TASK DETAILS. Give the number of lines below that contain the string "exists", and no other text.

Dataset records
════════════════
Lemma potential_bf_step2_small st a b : bf_inv st -> light_bins st = 0%N ->
  medium_item a -> medium_item b -> small_item a -> small_item b ->
  potential (bf_step (bf_step st a) b) <= potential st + 3.
Proof.
move=> inv_st light0 a_medium b_medium a_small b_small.
have inv_st1 := bf_step_inv inv_st a_medium.
have := potential_bf_step inv_st a_medium.
have [same|changed] := eqVneq (light_bins (bf_step st a)) (light_bins st).
  have := potential_bf_step_keep_light inv_st a_medium same.
  have := potential_bf_step inv_st1 b_medium; lia.
have light1 : light_bins (bf_step st a) = 1%N.
  by move: changed (light_bins_le1 inv_st1); rewrite light0; lia.
have := potential_bf_step_close inv_st1 b_medium light1 b_small
  (light_bins_small_bf_step inv_st a_medium light0 a_small); lia.
Qed.

Definition small_triple a b c := [&& small_item a, small_item b & small_item c].

Fixpoint small_triples (L : seq R) : nat :=
  if L is a :: b :: c :: L' then (small_triple a b c + small_triples L')%N else 0%N.

Lemma potential_bf_step3 st a b c : bf_inv st -> all medium_item [:: a; b; c] ->
  potential (foldl (@bf_step R) st [:: a; b; c]) + (small_triple a b c : nat)%:Z
    <= potential st + 6.
Proof.
move=> inv_st /and4P[a_medium b_medium c_medium _] /=.
have inv_st1 := bf_step_inv inv_st a_medium.
have inv_st2 := bf_step_inv inv_st1 b_medium.
have := potential_bf_step inv_st a_medium.
have := potential_bf_step inv_st1 b_medium.
have := potential_bf_step inv_st2 c_medium.
case: (boolP (small_triple a b c)) => [/and3P[a_small b_small c_small]|_]; last by lia.
have [light0|light1] : light_bins st = 0%N \/ light_bins st = 1%N.
  by have := light_bins_le1 inv_st; lia.
  have := potential_bf_step2_small inv_st light0 a_medium b_medium a_small b_small.
  lia.
have [same|changed] := eqVneq (light_bins (bf_step st a)) (light_bins st).
  by have := potential_bf_step_keep_light inv_st a_medium same; lia.
have light0 : light_bins (bf_step st a) = 0%N.
  by move: changed (light_bins_le1 inv_st1); rewrite light1; lia.
have := potential_bf_step2_small inv_st1 light0 b_medium c_medium b_small c_small.
lia.
Qed.
(* Let $\Delta>0$, $h>0$, $\alpha\ge 2$, $\mathrm{psd}_{\max}>0$, $\sigma^2>0$. For integers $i,j$ with $i\equiv j \pmod 2$ place a satellite at $\mathbf{s}_{i,j}=(i\Delta/2,\ j\Delta\sqrt3/2,\ h)$, and consider a ground user at $\mathbf{g}=(x,y,0)$, served by the satellite $\mathbf{s}_{0,0}$. Define $D_{i,j}(x,y)=\|\mathbf{s}_{i,j}-\mathbf{g}\|$, $\theta_{i,j}(x,y)=\cos^{-1}\bigl(h/D_{i,j}(x,y)\bigr)$, and $W_{i,j}(x,y)=w_s(\theta_{i,j}(x,y))\,w_g(\theta_{i,j}(x,y))$, where $w_s,w_g:[0,\pi]\to(0,1]$ are the (normalized) satellite and ground antenna patterns. Let $\mathcal{I}=\{(i,j)\in\mathbb{Z}^2: i\equiv j \pmod 2\}\setminus\{(0,0)\}$ and $$\mathrm{SNR}(x,y)=\frac{\mathrm{psd}_{\max}}{\sigma^2}D_{0,0}^{-\alpha}(x,y)W_{0,0}(x,y),\quad \mathrm{INR}(x,y)=\frac{\mathrm{psd}_{\max}}{\sigma^2}\sum_{(i,j)\in\mathcal{I}}D_{i,j}^{-\alpha}(x,y)W_{i,j}(x,y),$$ (assumed finite), and $\mathrm{SINR}(x,y)=\mathrm{SNR}(x,y)/(\mathrm{INR}(x,y)+1)$. Suppose (1) $\theta\mapsto w_s(\theta)w_g(\theta)$ is monotone decreasing on $[0,\pi]$, and (2) for every $(i,j)$ with $i\equiv j\pmod 2$, the ratio $W_{i,j}(x,y)/W_{0,0}(x,y)$ is convex in $x$ and convex in $y$ on the region $-\Delta/2\le x\le\Delta/2$, $-\Delta\sqrt3/2\le y\le \Delta\sqrt3/2$. Then $\mathrm{SINR}(x,y)$ is maximized over $(x,y)\in\mathbb{R}^2$ at $(x,y)=(0,0)$.
   Context: Planar model of a LEO downlink: satellites lie on a hexagonal lattice in the plane at altitude $h$ above the ground plane, all satellite antennas point straight down and all ground antennas point straight up, so the off-axis angle at both ends of a link is $\theta_{i,j}(x,y)$. All satellites transmit at power spectral density $\mathrm{psd}_{\max}$. *)

From mathcomp Require Import all_boot all_order all_algebra.
From mathcomp Require Import all_classical all_reals all_analysis.
Set Implicit Arguments. Unset Strict Implicit. Unset Printing Implicit Defensive.
Import Order.TTheory GRing.Theory Num.Theory.
Local Open Scope ring_scope.
Local Open Scope classical_set_scope.

Section Model.
Variable R : realType.

Definition sat_x (Delta : R) (i : int) : R := i%:~R * Delta / 2.
Definition sat_y (Delta : R) (j : int) : R := j%:~R * Delta * Num.sqrt 3 / 2.

Definition Dist (Delta h : R) (i j : int) (x y : R) : R :=
  Num.sqrt ((sat_x Delta i - x) ^+ 2 + (sat_y Delta j - y) ^+ 2 + h ^+ 2).

Definition theta (Delta h : R) (i j : int) (x y : R) : R :=
  acos (h / Dist Delta h i j x y).

Definition Wgain (ws wg : R -> R) (Delta h : R) (i j : int) (x y : R) : R :=
  ws (theta Delta h i j x y) * wg (theta Delta h i j x y).

Definition lattice : set (int * int) :=
  [set p | (p.1 - p.2 = 0 %[mod 2])%Z].

Definition interferers : set (int * int) := lattice `\ (0%Z, 0%Z).

Definition SNR (psd sigma2 alpha : R) (ws wg : R -> R) (Delta h : R) (x y : R) : R :=
  psd / sigma2 * (powR (Dist Delta h 0 0 x y) (- alpha) * Wgain ws wg Delta h 0 0 x y).

(* the interference sum, as an extended real (sum of nonnegative terms) *)
Definition INR_sum (psd sigma2 alpha : R) (ws wg : R -> R) (Delta h : R) (x y : R)
  : \bar R :=
  (\esum_(p in interferers)
     (psd / sigma2 * (powR (Dist Delta h p.1 p.2 x y) (- alpha)
                        * Wgain ws wg Delta h p.1 p.2 x y))%:E)%E.

Definition INR (psd sigma2 alpha : R) (ws wg : R -> R) (Delta h : R) (x y : R) : R :=
  fine (INR_sum psd sigma2 alpha ws wg Delta h x y).

Definition SINR (psd sigma2 alpha : R) (ws wg : R -> R) (Delta h : R) (x y : R) : R :=
  SNR psd sigma2 alpha ws wg Delta h x y / (INR psd sigma2 alpha ws wg Delta h x y + 1).

Definition convex_on (f : R -> R) (a b : R) : Prop :=
  forall u v t : R, a <= u <= b -> a <= v <= b -> 0 <= t <= 1 ->
    f (t * u + (1 - t) * v) <= t * f u + (1 - t) * f v.

End Model.

From mathcomp Require Import all_boot all_order all_algebra.
From mathcomp Require Import all_classical all_reals all_analysis.
From mathcomp Require Import ring lra zify.
Import Order.TTheory GRing.Theory Num.Theory.
Local Open Scope ring_scope.
Local Open Scope classical_set_scope.

(* Up to the factor [psd/sigma2], the power received from a satellite at distance [d]
   is [d^-alpha W(d)], a product of two functions decreasing in [d].  For a user in
   the rectangular cell around the serving satellite, average each interferer over
   the four mirror images [(+-x, +-y)] of the user: the convexity hypotheses bound the
   antenna factor, convexity of [s |-> s^(-alpha/2)] applied to the squared distances
   bounds the path loss, and Chebyshev's sum inequality combines the two.  Against
   the centre of the cell this gives [S(x,y) I(0,0) <= S(0,0) I(x,y)], and since the
   signal [S] is also largest at the centre the SINR is maximal there.  Any other
   user is moved into such a cell by a lattice translation that does not lengthen
   its serving link; translations preserve the total received power [S + I], so the
   SINR does not decrease. *)

Section RealInequalities.
Context {R : realType}.
Lemma integrable_normM_L2fun {f h} : L2fun f -> L2fun h ->
  mu.-integrable setT (EFin \o (fun x => `|f x| * `|h x|)).
Proof.
move=> [mf if_] [mh ih].
apply: (@integrable_le_EFin _ _ _ mu _ (fun x => f x ^+ 2 + h x ^+ 2)).
- by apply: measurable_funM; apply: measurableT_comp.
- exact: integrableD_EFin.
move=> x; rewrite ger0_norm ?mulr_ge0//.
have := sqr_ge0 (`|f x| - `|h x|).
by rewrite -(real_normK (num_real (f x))) -(real_normK (num_real (h x))); nra.
Qed.

Lemma L2norm_ge0 f : 0 <= L2norm f.
Proof. exact: sqrtr_ge0. Qed.

Lemma L2norm_sqr f : L2norm f ^+ 2 = Rintegral mu setT (fun x => f x ^+ 2).
Proof. by rewrite sqr_sqrtr//; apply: Rintegral_ge0 => x _; exact: sqr_ge0. Qed.

(* Cauchy-Schwarz: [t |-> \int (t |f| - |h|)^2] is a nonnegative quadratic. *)
Lemma Rintegral_normM_le {f h} : L2fun f -> L2fun h ->
  Rintegral mu setT (fun x => `|f x| * `|h x|) <= L2norm f * L2norm h.
Proof.
move=> Lf Lh; have ifh := integrable_normM_L2fun Lf Lh.
have if2 := L2fun_integrable_sqr Lf; have ih2 := L2fun_integrable_sqr Lh.
apply: le_sqrt_mul_of_quadratic.
- by apply: Rintegral_ge0 => x _; rewrite mulr_ge0.
- by apply: Rintegral_ge0 => x _; exact: sqr_ge0.
- by apply: Rintegral_ge0 => x _; exact: sqr_ge0.
move=> t; rewrite -mulrA -RintegralZl// -[t ^+ 2 * _]RintegralZl//.
rewrite -RintegralD//; last exact: integrableZl_EFin.
rewrite -RintegralZl//; last exact: integrableZl_EFin.
apply: le_Rintegral => //.
- by do 2 apply: integrableZl_EFin.
- exact/integrableD_EFin/ih2/integrableZl_EFin.
move=> x _; have := sqr_ge0 (t * `|f x| - `|h x|).
by rewrite -(real_normK (num_real (f x))) -(real_normK (num_real (h x))); nra.
Qed.

Lemma L2normD_le {f h} : L2fun f -> L2fun h ->
  L2norm (fun x => f x + h x) <= L2norm f + L2norm h.
Proof.
move=> Lf Lh; have ifh := integrable_normM_L2fun Lf Lh.
have if2 := L2fun_integrable_sqr Lf; have ih2 := L2fun_integrable_sqr Lh.
rewrite -[leRHS]ger0_norm ?addr_ge0 ?L2norm_ge0// -sqrtr_sqr ler_sqrt ?sqr_ge0//.
apply: (@le_trans _ _ (Rintegral mu setT (fun x => f x ^+ 2 + h x ^+ 2)
     + 2 * Rintegral mu setT (fun x => `|f x| * `|h x|))).
  rewrite -RintegralZl// -RintegralD//; last 2 first.
  - exact: integrableD_EFin.
  - exact: integrableZl_EFin.
  apply: le_Rintegral => //.
  - exact/L2fun_integrable_sqr/L2funD.
  - exact/integrableD_EFin/integrableZl_EFin/ifh/integrableD_EFin.
  move=> x _; have : f x * h x <= `|f x| * `|h x| by rewrite -normrM ler_norm.
  by rewrite sqrrD; lra.
rewrite RintegralD// sqrrD !L2norm_sqr.
by have := Rintegral_normM_le Lf Lh; lra.
Qed.

Lemma L2norm_le_addr_dist {f h} : L2fun f -> L2fun h ->
  L2norm h <= L2norm f + L2norm (fun x => h x - f x).
Proof.
move=> Lf Lh; have := L2normD_le Lf (L2funB Lh Lf).
by under eq_fun do rewrite addrC subrK.
Qed.

Lemma L2normZ a f : L2fun f -> L2norm (fun x => a * f x) = `|a| * L2norm f.
Proof.
move=> Lf; rewrite /L2norm; under eq_Rintegral do rewrite exprMn.
rewrite RintegralZl//; last exact: L2fun_integrable_sqr.
by rewrite sqrtrM ?sqr_ge0// sqrtr_sqr.
Qed.

Lemma L2normBC f h : L2norm (fun x => f x - h x) = L2norm (fun x => h x - f x).
Proof. by rewrite /L2norm; under eq_Rintegral do rewrite -sqrrN opprB. Qed.

Lemma L2norm_le_H1norm f f' : L2norm f' <= H1norm f f'.
Proof.
rewrite /H1norm -[leLHS]ger0_norm ?L2norm_ge0// -sqrtr_sqr.
by rewrite ler_sqrt ?addr_ge0 ?sqr_ge0// lerDr sqr_ge0.
Qed.

End L2.

Section cutoff_derivative.
Context {R : realType} {chi : R -> R} (chi_cutoff : cutoff chi).
Local Notation mu := (@lebesgue_measure R).

Lemma derive1_cutoff_out01 x : x < 0 \/ 1 < x -> derive1 chi x = 0.
Proof.
case: chi_cutoff => _ _ chi0 chi1 [x_lt0|x_gt1].
  rewrite derive1E (@near_eq_derive _ _ _ chi (cst 0)) ?derive_cst//.
  by near=> y; apply/chi0/ltW; near: y; exact: lt_nbhsl.
rewrite derive1E (@near_eq_derive _ _ _ chi (cst 1)) ?derive_cst//.
by near=> y; apply/chi1/ltW; near: y; exact: lt_nbhsr.
Unshelve. all: by end_near. Qed.

Lemma continuous_derive1_cutoff : continuous (derive1 chi).
Proof.
case: chi_cutoff => chi_smooth _ _ _ x.
by apply/differentiable_continuous; rewrite -derivable1_diffP; exact: (chi_smooth 1%N).
Qed.

Lemma derive1_cutoff_le_indic :
  exists M : R, forall x, `|derive1 chi x| <= M * (\1_`[0, 1] x : R).
Proof.
case: chi_cutoff => _ chi'_ge0 _ _.
have [c _ max_c] := EVT_max ler01 (continuous_subspaceT continuous_derive1_cutoff).
exists (derive1 chi c) => x; rewrite indicE.
have [/andP[x_ge0 x_le1]|x_out] := boolP ((0 <= x) && (x <= 1)).
  rewrite mem_set/=; last by rewrite in_itv/= x_ge0 x_le1.
  by rewrite mulr1 ger0_norm//; apply: max_c; rewrite in_itv/= x_ge0 x_le1.
rewrite derive1_cutoff_out01 ?normr0 ?mulr_ge0//.
by move: x_out; rewrite negb_and -!ltNge => /orP.
Qed.

Lemma L2fun_derive1_cutoff : L2fun (derive1 chi).
Proof.
have [M chi'_le] := derive1_cutoff_le_indic.
have m_chi' := continuous_measurable_fun continuous_derive1_cutoff.
split => //; apply: (@integrable_le_EFin _ _ _ mu _ (fun x => M ^+ 2 * (\1_`[0, 1] x : R))).
- exact: measurable_funX.
- exact/integrableZl_EFin/integrable_indic_itv.
move=> x; rewrite ger0_norm ?sqr_ge0// -real_normK ?num_real//.
have := chi'_le x; rewrite /indic; case: (_ \in _); rewrite ?mulr1 ?mulr0 => chi'x.
  by rewrite lerXn2r// ?nnegrE// (le_trans _ chi'x).
by move: chi'x; rewrite normr_le0 => /eqP->; rewrite normr0 expr0n.
Qed.

Lemma L2fun_ux {ub'} c : L2fun ub' -> L2fun (ux chi ub' c).
Proof. by move=> Lub'; apply: L2funD Lub' (L2funZ c L2fun_derive1_cutoff). Qed.

End cutoff_derivative.

Section gp_integral.
Context {R : realType}.
Local Notation mu := (@lebesgue_measure R).

Lemma measurable_gp (v r : R -> R) k :
  measurable_fun setT v -> measurable_fun setT r ->
  measurable_fun setT (fun x => gp (v x) (r x) k).
Proof.
move=> mv mr; rewrite /gp /g /Omega1.
have mnorm (f : R -> R) : measurable_fun setT f -> measurable_fun setT (fun x => `|f x|).
  by move=> mf; apply: measurableT_comp => //; exact: normr_measurable.
have mg1 : measurable_fun setT
    (fun x => g1 0 0 0 1 (v x) (v x ^+ 2 + r x ^+ 2) (r x) k).
  apply: measurable_funD; last exact: measurable_cst.
  apply: measurable_funD; first exact: mnorm.
  by apply: measurable_funM => //; apply: mnorm; apply: measurable_funM.
have mg2 : measurable_fun setT
    (fun x => g2 0 0 0 1 (v x) (v x ^+ 2 + r x ^+ 2) (r x) k).
  by apply: measurable_funD => //; apply: measurable_funD; exact: measurable_funX.
apply: measurable_fun_ifT => //.
apply: measurable_and; first exact: measurable_fun_ler.
apply: measurable_and; first exact: measurable_fun_ler.
by apply: measurable_fun_eqr => //; apply: measurable_funD => //; apply: measurable_funM.
Qed.

Lemma integrable_gp_sub1 {a r : R -> R} k : L2fun a -> L2fun r ->
  mu.-integrable setT (fun x => (gp (a x) (r x) k - 1)%:E).
Proof.
move=> La Lr; apply: (@integrable_le_EFin _ _ _ mu _ (fun x => a x ^+ 2 + r x ^+ 2)).
- apply: measurable_funB => //.
  exact: measurable_gp (L2fun_measurable La) (L2fun_measurable Lr).
- exact: integrableD_EFin (L2fun_integrable_sqr La) (L2fun_integrable_sqr Lr).
by move=> x; have /andP[gp_ge1 gp_le] := gp_sub1_bounds (a x) (r x) k; rewrite ger0_norm.
Qed.
Lemma coeff_splits al a b : coeff (splits al) [:: a; b] =
  if [&& ladd a b == al, valid_letter K a & valid_letter K b] then 1 else 0.
Proof.
rewrite /coeff big_map big_enum_cond /= big_mkcondr /=.
case: ifP => [/and3P [/eqP E va vb] | nsplit].
  have aal j : (a j <= al j)%N by rewrite -E laddE leq_addr.
  pose fa : {ffun 'I_m -> 'I_(lweight al).+1} := [ffun j => inord (a j)].
  have Efa : bounded_letter fa = a.
    by apply/letterP=> j; rewrite !ffunE inordK // ltnS (leq_trans (aal j)) ?letter_le_lweight.
  have Eb : lsub al a = b by apply/letterP=> j; rewrite ffunE -E laddE addKn.
  rewrite (bigD1 fa) /=; last by rewrite inE /= Efa Eb va vb !andbT; apply/forallP.
  rewrite Efa Eb !eqxx big1 ?addr0 // => f /andP [_ fnfa].
  case: eqP => // -[Efa']; case/negP: fnfa; apply/eqP/ffunP=> j; apply: val_inj.
  by have := congr1 (fun x : letter m => x j) Efa'; rewrite -Efa !ffunE.
rewrite big1 // => f /and3P [/forallP fal v1 v2].
case: eqP => // -[Ea Eb]; move: nsplit; rewrite -Ea -Eb v1 v2 !andbT => /negP; case.
by apply/eqP/letterP=> j; rewrite laddE [lsub _ _ j]ffunE subnKC.
Qed.

End Splits.

Section CommutatorSums.
Variables (m : nat) (K : {set {set 'I_m}}) (k : comPzRingType).
Local Open Scope ring_scope.
Variables (al : letter m) (s : seq 'I_m) (I : 'I_m -> {set 'I_m}).
Hypothesis s_uniq : uniq s.
Hypothesis chiA_add_unit : forall i, i \in s -> ladd (chiA (I i)) (lunit i) = al.
Hypothesis valid_pairs : forall c d : letter m, lnz c -> (1 < lweight d)%N -> ladd d c = al ->
  valid_letter K c && (valid_letter K d == (c \notin [seq lunit i | i <- s])).
Implicit Types (w : letter m).

Definition nz_split3 w0 w1 w2 : bool :=
  [&& lnz w0, lnz w1, lnz w2 & ladd (ladd w0 w1) w2 == al].

Lemma set_split_unit_l i w0 w1 w2 : i \in s ->
  (w0 == lunit i) && set_split (I i) w1 w2 = (w0 == lunit i) && nz_split3 w0 w1 w2.
Proof.
move=> si; case: eqP => //= ->; rewrite /set_split /nz_split3 lnz_unit /=.
by rewrite -(chiA_add_unit si) -laddA (laddC (chiA _)) (inj_eq (@laddI _ _)).
Qed.

Lemma set_split_unit_r i w0 w1 w2 : i \in s ->
  (w2 == lunit i) && set_split (I i) w0 w1 = (w2 == lunit i) && nz_split3 w0 w1 w2.
Proof.
move=> si; case: eqP => //= ->; rewrite /set_split /nz_split3 lnz_unit /=.
by rewrite -(chiA_add_unit si) (inj_eq (@laddIr _ _)).
Qed.

Lemma valid_split_r w0 w1 w2 :
  lnz w0 && lnz w1 &&
    [&& ladd (ladd w0 w1) w2 == al, valid_letter K (ladd w0 w1) & valid_letter K w2]
  = nz_split3 w0 w1 w2 && (w2 \notin [seq lunit i | i <- s]).
Proof.
rewrite /nz_split3; case w00: (lnz w0); case w10: (lnz w1) => //=.
case: eqP => [E|_]; last by rewrite !andbF.
case w20: (lnz w2); last by rewrite /valid_letter w20 !andbF.
have d2 : (1 < lweight (ladd w0 w1))%N.
  by rewrite lweightD; move: w00 w10; rewrite !lnz_lweight; lia.
by have /andP [v2 /eqP ->] := valid_pairs w20 d2 E; rewrite v2 andbT.
Qed.

Lemma valid_split_l w0 w1 w2 :
  lnz w1 && lnz w2 &&
    [&& ladd w0 (ladd w1 w2) == al, valid_letter K w0 & valid_letter K (ladd w1 w2)]
  = nz_split3 w0 w1 w2 && (w0 \notin [seq lunit i | i <- s]).
Proof.
rewrite /nz_split3 laddA; case w10: (lnz w1); case w20: (lnz w2); rewrite /= ?andbF //.
case: eqP => [E|_]; last by rewrite !andbF.
case w00: (lnz w0); last by rewrite /valid_letter w00 !andbF.
have d2 : (1 < lweight (ladd w1 w2))%N.
  by rewrite lweightD; move: w10 w20; rewrite !lnz_lweight; lia.
rewrite -laddA laddC in E.
by have /andP [v0 /eqP ->] := valid_pairs w00 d2 E; rewrite v0.
Qed.

Lemma commutator_sum_boundary (n : 'I_m -> nat) :
  is_boundary K (flatten [seq gcomm 1 (2 * n i - 2) (u_chain k i) (psi k (I i)) | i <- s]).
Proof.
apply: (boundary_of (z := splits K k al)); first exact: in_Omega_splits.
apply: coeff_eq_dcoeff_homog; [|exact: homog_splits|].
  by apply: homog_flatten; apply/allP=> _ /mapP [i _ ->]; apply: homog_comm_unit_psi.
move=> w0 w1 w2; rewrite coeff_flatten big_map dcoeff_homog2 ?homog_splits //.
rewrite !coeff_splits -!if_and valid_split_r valid_split_l big_seq.
under eq_bigr => i si do
  rewrite coeff_comm_unit_psi (set_split_unit_l _ _ _ si) (set_split_unit_r _ _ _ si).
rewrite -big_seq; case: (nz_split3 w0 w1 w2) => /=; last first.
  by rewrite subrr big1 // => i _; rewrite !andbF subrr.
under eq_bigr => i _ do rewrite !andbT.
rewrite sumrB !sum_unit_mem //.
by case: (w0 \in _); case: (w2 \in _); rewrite /= ?subrr ?subr0 ?sub0r.
Qed.

End CommutatorSums.

Section Relations.
Variables (m : nat) (K : {set {set 'I_m}}) (k : comPzRingType).

Lemma mf_comm_boundary i I : MF K I -> i \in I ->
  is_boundary K (gcomm 1 (2 * #|I| - 2) (u_chain k i) (psi k I)).
Proof.
move=> mfI iI.
suff : is_boundary K (flatten [seq gcomm 1 (2 * #|I| - 2) (u_chain k j) (psi k I) | j <- [:: i]]).
  by rewrite /= cats0.
apply: (@commutator_sum_boundary m K k (ladd (chiA I) (lunit i)) [:: i] (fun=> I) isT).
  by move=> j; rewrite mem_seq1 => /eqP ->.
by move=> c d c0 d1 E; rewrite /= mem_seq1; exact: (mf_pair mfI iI c0 d1 E).
Qed.
Lemma cube_le_geom n : 59 * 700 <= n -> n ^ 3 * 20 ^ (n %/ 59) <= 21 ^ (n %/ 59).
Proof.
move=> n_ge; set s := n %/ 59.
have s_ge : 700 <= s by rewrite /s; lia.
have n_le : n <= 118 * s by rewrite /s; lia.
apply: (@leq_trans (118 ^ 3 * s ^ 3 * 20 ^ s)).
  by rewrite -expnMn leq_mul2r leq_exp2r // n_le orbT.
have base : 118 ^ 3 * 700 ^ 3 * 20 ^ 700 <= 21 ^ 700 by zify; vm_compute.
exact: leq_poly_exp (isT : 21 * 3 <= 700) base s_ge.
Qed.

Lemma binom_ratio_le n x : 59 * 700 <= n -> 11 * n <= 40 * x ->
  n ^ 3 * 'C(n, n %/ 59) <= 4 ^ (n %/ 59) * 'C(x, n %/ 59).
Proof.
move=> n_ge le_nx; set s := n %/ 59.
(* binom(n, s) / binom(x, s) = n^_s / x^_s <= (80/21)^s = 4^s (20/21)^s. *)
have ffact_ratio : 21 ^ s * n ^_ s <= 80 ^ s * x ^_ s.
  by apply: leq_ffact_geom => i lt_is; rewrite /s in lt_is; lia.
have ffact_le : n ^ 3 * n ^_ s <= 4 ^ s * x ^_ s.
  rewrite -(@leq_pmul2l (20 ^ s)) ?expn_gt0 //.
  apply: (@leq_trans (21 ^ s * n ^_ s)).
    by rewrite mulnA [20 ^ s * _]mulnC leq_mul2r cube_le_geom ?orbT.
  by rewrite mulnA -expnMn.
have bin_ffactl c y : c * 'C(y, s) * s`! = c * y ^_ s by rewrite -mulnA bin_ffact.
by rewrite -(@leq_pmul2r s`!) ?fact_gt0 // !bin_ffactl.
Qed.

Lemma card_ffun_fixed_on (X Y : finType) (A : {set X}) (g : X -> Y) :
  #|[set f : {ffun X -> Y} | [forall x in A, f x == g x]]| * #|Y| ^ #|A| = #|Y| ^ #|X|.
Proof.
pose F x : pred Y := if x \in A then pred1 (g x) else predT.
have -> : #|[set f : {ffun X -> Y} | [forall x in A, f x == g x]]| = #|family F|.
  apply: eq_card => f; rewrite inE; apply/forall_inP/familyP => [fA x | fF x xA].
    by rewrite /F; case: ifP => // xA; rewrite inE fA.
  by have := fF x; rewrite /F xA inE.
rewrite card_family foldrE big_map big_enum /= (bigID (mem A)) /=.
rewrite (eq_bigr (fun _ => 1)) => [|x xA]; last by rewrite /F xA card1.
rewrite (eq_bigr (fun _ => #|Y|) (P := fun x => x \notin A)) => [|x /negbTE xA]; last first.
  by rewrite /F xA; apply: eq_card.
rewrite !prod_nat_const exp1n mul1n -expnD -(cardsC A) addnC.
by congr (_ ^ (_ + _)); apply: eq_card => x; rewrite inE.
Qed.

Lemma leq_card_bigcup (I T : finType) (P : pred I) (F : I -> {set T}) :
  #|\bigcup_(i | P i) F i| <= \sum_(i | P i) #|F i|.
Proof.
elim/big_rec2: _ => [|i m U _ le_Um]; first by rewrite cards0.
by apply: leq_trans (leq_card_setU _ _) _; rewrite leq_add2l.
Qed.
════════════════
SOLUTION TO THIS EXERCISE. 2